When last I designed a computer system — decades ago — talking to the display was a pretty unidirectional endeavor. You sent data to the display, and the display, well, displayed it. It was up to the user to be sure that the data the computer sent (frame rate, resolution, pixel density, etc.) matched the parameters of the display. These days, there’s more interaction. Displays send information back to the computer about what they expect, and/or adjust their display parameters based on requests from the computer. It seemed possible, then, that the failing display was also sending bogus data back to the processor that was causing the black-screen glitch. I began to hold out hope that replacing the display module would fix the black-screen problem.
I ordered a new display — only $159 from Framework and about a ten-minute install. The last time I had to replace a display on an Apple laptop, it was just a shade under one thousand dollars. So while I wasn’t happy that the display had gone bad, I was pleased with the price. While I was waiting for the part to ship to my remote island, though, the display seemed to be deteriorating. Whatever the problem was, it didn’t affect the external monitor that I almost always have connected when I’m at home (and I’m almost always at home), so I switched the external monitor to be the primary display. There’s no mysterious change, it really just effects where the desktop picture, launch bar, and desktop icons are display. But shockingly, the change fixed the black-screen glitch. Changing the primary back did not cause the problem to re-appear. Very weird, and I would have liked to know more definitively what was going on, but I’ll take the win.

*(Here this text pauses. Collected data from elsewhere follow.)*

Definition is_complete {X : Type} (d : X -> X -> R) : Prop :=
  forall u : nat -> X,
    (forall eps, 0 < eps -> exists N, forall m n, (N <= m)%nat -> (N <= n)%nat ->
        d (u m) (u n) < eps) ->
    exists l, forall eps, 0 < eps -> exists N, forall n, (N <= n)%nat -> d (u n) l < eps.

Definition is_compact {X : Type} (d : X -> X -> R) (Kset : X -> Prop) : Prop :=
  forall (I : Type) (U : I -> X -> Prop),
    (forall i, is_open d (U i)) ->
    (forall x, Kset x -> exists i, U i x) ->
    exists l : list I, forall x, Kset x -> exists i, In i l /\ U i x.

Definition is_locally_compact {X : Type} (d : X -> X -> R) : Prop :=
  forall x, exists N : X -> Prop, is_compact d N /\
    exists r, 0 < r /\ forall y, ball d x r y -> N y.

Definition is_connected {X : Type} (d : X -> X -> R) : Prop :=
  forall U V : X -> Prop, is_open d U -> is_open d V ->
    (forall x, U x \/ V x) -> (forall x, ~ (U x /\ V x)) ->
    (exists x, U x) -> (exists x, V x) -> False.

Definition curve_continuous {X : Type} (d : X -> X -> R) (c : R -> X) : Prop :=
  forall t, 0 <= t <= 1 -> forall eps, 0 < eps -> exists delta, 0 < delta /\
    forall s, 0 <= s <= 1 -> Rabs (s - t) < delta -> d (c s) (c t) < eps.

Fixpoint poly_length {X : Type} (d : X -> X -> R) (c : R -> X) (p : nat -> R) (n : nat) : R :=
  match n with
  | O => 0
  | S k => poly_length d c p k + d (c (p k)) (c (p (S k)))
  end.

(** length of [c] on [0,1] is at most [L]: every partition sum is <= L
    (the length is the sup of these sums) *)
Definition curve_length_le {X : Type} (d : X -> X -> R) (c : R -> X) (L : R) : Prop :=
  forall (n : nat) (p : nat -> R),
    p O = 0 -> p n = 1 -> (forall i, (i < n)%nat -> p i <= p (S i)) ->
    poly_length d c p n <= L.

(** length space: d(x,y) is the infimum of lengths of curves joining x to y
    (every curve has length >= d(x,y) automatically by the triangle inequality) *)
Definition is_length_space {X : Type} (d : X -> X -> R) : Prop :=
  forall x y eps, 0 < eps -> exists c : R -> X,
    curve_continuous d c /\ c 0 = x /\ c 1 = y /\ curve_length_le d c (d x y + eps).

The new display arrived yesterday. I installed it today, in just a few minutes using only the one tool that Framework supplies with the laptop. Almost everything is back to normal.
Almost? Well, another bug introduced with the same system update cause problems with fingerprint authentication when unlocking the screen. I reported that one, too, but a number of other people reported it as well. It’s clearly a software problem and should be fixed by the developers soon.